You already know you should be wearing turtlenecks this fall, but a black turtleneck is a different game altogether. It’s sleek, it’s chic, it’s sophisticated and, done the wrong way, it’s nauseatingly pretentious.

It may be one of the most basic garments of all time, but not everyone can pull off this look. It’s a bold move that compiles a vast history of iconic moments and figures in one simple garment, and it’s not one to take lightly. Mastering the art of the turtleneck takes awareness, and that starts with understanding the garment’s rich historical context — i.e. the long line of fashion icons and artistic geniuses who donned the black turtleneck before you, humble adopter. Fortunately, Artsy has the rundown on how the black turtleneck became the unofficial uniform of creative genius, so you can enter the fall an informed turtleneck wearer.
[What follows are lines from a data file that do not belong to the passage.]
Lemma flr_spec (b : R) : 0 <= b -> INR (flr b) <= b < INR (flr b) + 1.
Proof.
  intros Hb. unfold flr. destruct (base_Int_part b) as [H1 H2].
  assert (Hz : (-1 < Int_part b)%Z) by (apply lt_IZR; lra).
  rewrite INR_IZR_INZ, Z2Nat.id by lia. lra.
Qed.

Section Vkappa.

Variables (psi : R -> R) (m : nat) (rho : R) (kappa : nat -> R).
Hypotheses (psi_smooth : smooth psi) (psi_support : forall x, psi x <> 0 -> 0 <= x <= 1)
  (m_pos : (0 < m)%nat) (rho_pos : 0 < rho)
  (kappa_sign : forall j, (1 <= j <= m)%nat -> kappa j = 1 \/ kappa j = -1).

Local Notation V := (Vkappa psi m rho kappa).

Lemma psi_continuous (y : R) : continuous psi y.
Proof. exact (continuous_Derive_n psi 0 y psi_smooth). Qed.

Lemma Vkappa_eq (x : R) : V x = 1 + rho * bump_sum psi m kappa x.
Proof. reflexivity. Qed.

Lemma Derive_n_psi_support (k : nat) (y : R) : Derive_n psi k y <> 0 -> 0 < y < 1.
Proof. exact (Derive_n_support psi 0 1 psi_smooth psi_support k y). Qed.

Lemma Rabs_Derive_n_psi_le_supnorm (k : nat) (x : R) :
  Rabs (Derive_n psi k x) <= supnorm (Derive_n psi k).
Proof.
  apply (Rabs_le_supnorm_support _ 0 1); [lra | intros y; apply continuous_Derive_n, psi_smooth|].
  intros y Hy; apply Derive_n_psi_support in Hy; lra.
Qed.

Lemma supnorm_Derive_n_psi_ge0 (k : nat) : 0 <= supnorm (Derive_n psi k).
Proof. eapply Rle_trans; [apply Rabs_pos | apply (Rabs_Derive_n_psi_le_supnorm k 0)]. Qed.

Lemma Rabs_bump_sum_Derive_n_le (k : nat) (x : R) :
  Rabs (bump_sum (Derive_n psi k) m kappa x) <= sqrt (INR m) * supnorm (Derive_n psi k).
Proof.
  apply Rabs_bump_sum_le; [exact m_pos | exact (Derive_n_psi_support k) | |].
  - apply Rabs_Derive_n_psi_le_supnorm.
  - intros j Hj. apply Rabs_le. destruct (kappa_sign j Hj) as [-> | ->]; lra.
Qed.

Lemma Rabs_bump_sum_Derive_n_sub_le (k : nat) (x y : R) :
  Rabs (bump_sum (Derive_n psi k) m kappa x - bump_sum (Derive_n psi k) m kappa y)
  <= Rmin (2 * (sqrt (INR m) * supnorm (Derive_n psi k)))
          (INR m * (sqrt (INR m) * supnorm (Derive_n psi (S k))) * Rabs (x - y)).
Proof.
  apply Rmin_glb.
  - unfold Rminus. eapply Rle_trans; [apply Rabs_triang|]. rewrite Rabs_Ropp.
    pose proof (Rabs_bump_sum_Derive_n_le k x). pose proof (Rabs_bump_sum_Derive_n_le k y). lra.
  - rewrite Rabs_minus_sym, (Rabs_minus_sym x).
    apply (bounded_variation _ (fun t => INR m * bump_sum (Derive_n psi (S k)) m kappa t)).
    intros t _. split.
    + apply is_derive_bump_sum. intros z; apply is_derive_Derive_n, psi_smooth.
    + rewrite Rabs_mult, Rabs_pos_eq by apply pos_INR.
      apply Rmult_le_compat_l; [apply pos_INR | apply Rabs_bump_sum_Derive_n_le].
Qed.

Lemma smooth_Vkappa : smooth V.
Proof.
  intros k x. change (ex_derive_n (fun t => 1 + rho * bump_sum psi m kappa t) k x).
  apply ex_derive_n_plus; apply filter_forall; intros y k' _.
  - apply ex_derive_n_const.
  - apply ex_derive_n_scal_l, smooth_bump_sum, psi_smooth.
Qed.

Lemma Derive_n_Vkappa (k : nat) (x : R) :
  Derive_n V (S k) x = rho * (INR m ^ S k * bump_sum (Derive_n psi (S k)) m kappa x).
Proof.
  rewrite (Derive_n_ext _ (fun t => 1 + rho * bump_sum psi m kappa t)) by reflexivity.
  rewrite Derive_n_plus; try (apply filter_forall; intros y k' _).
  - rewrite Derive_n_const, Derive_n_scal_l, Derive_n_bump_sum by exact psi_smooth. ring.
  - apply ex_derive_n_const.
  - apply ex_derive_n_scal_l, smooth_bump_sum, psi_smooth.
Qed.

Lemma Derive_n_Vkappa_sub (k : nat) (x y : R) :
  Derive_n V k x - Derive_n V k y
  = rho * INR m ^ k * (bump_sum (Derive_n psi k) m kappa x - bump_sum (Derive_n psi k) m kappa y).
Proof.
  destruct k as [|k].
  - change (Derive_n psi 0) with psi. cbn [Derive_n pow]. rewrite !Vkappa_eq. ring.
  - rewrite !Derive_n_Vkappa. ring.
Qed.

Lemma Rabs_Vkappa_sub_1_le (x : R) : Rabs (V x - 1) <= rho * sqrt (INR m) * supnorm psi.
Proof.
  rewrite Vkappa_eq.
  replace (1 + rho * bump_sum psi m kappa x - 1) with (rho * bump_sum psi m kappa x) by ring.
  rewrite Rabs_mult, Rabs_pos_eq, Rmult_assoc by lra.
  apply Rmult_le_compat_l; [lra | exact (Rabs_bump_sum_Derive_n_le 0 x)].
Qed.

Lemma Vkappa_nonneg (x : R) : rho * sqrt (INR m) * supnorm psi <= 1 -> 0 <= V x.
Proof. intros H. pose proof (Rabs_Vkappa_sub_1_le x) as Hx. apply Rabs_le_between in Hx. lra. Qed.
The turtleneck’s humble beginnings are rooted in practicality. According to Artsy, the garment was designed in the 19th century for polo players — in the U.K. it still goes by the considerably sleeker name “polo neck.” The utilitarian design was popular among sportsmen, laborers, sailors, and soldiers well before it was appropriated by early bohemians and pre-hipsters. Artsy gives credit for the early rise of the turtleneck among creatives to British playwright Noël Coward, who regularly wore one throughout the height of his popularity in the 1920s.

It was subsequently sported by the likes of androgynous Hollywood icon Marlene Dietrich, before finally entering its post-WWII heyday during Paris’s post-occupation renaissance. Black turtleneck fever spread to Paris-frequenting writers, artists, musicians and film stars from Juliette Greco to Miles Davis, and it became one of many memorable Audrey Hepburn looks in the 1957 film Funny Face, set, of course, in Paris.

The sophisticated French look spread to the U.S., where it was co-opted by everyone from Gloria Steinem to Andy Warhol. By the 1970s, however, brightly colored versions of the moody, chic garment unceremoniously “killed any illusion of cool” the turtleneck once maintained, according to Artsy’s Digby Warde-Aldam.

Fortunately, not even the fashion sins of the ’70s could keep the turtleneck down forever. Modern adopters of the iconic look include Steve Jobs and Elizabeth Holmes. While the latter may have done more harm than good for the black turtleneck’s image, the constant conversation surrounding her dogged adherence to the outfit proves, if nothing else, that the simplest looks can still generate the loudest conversations.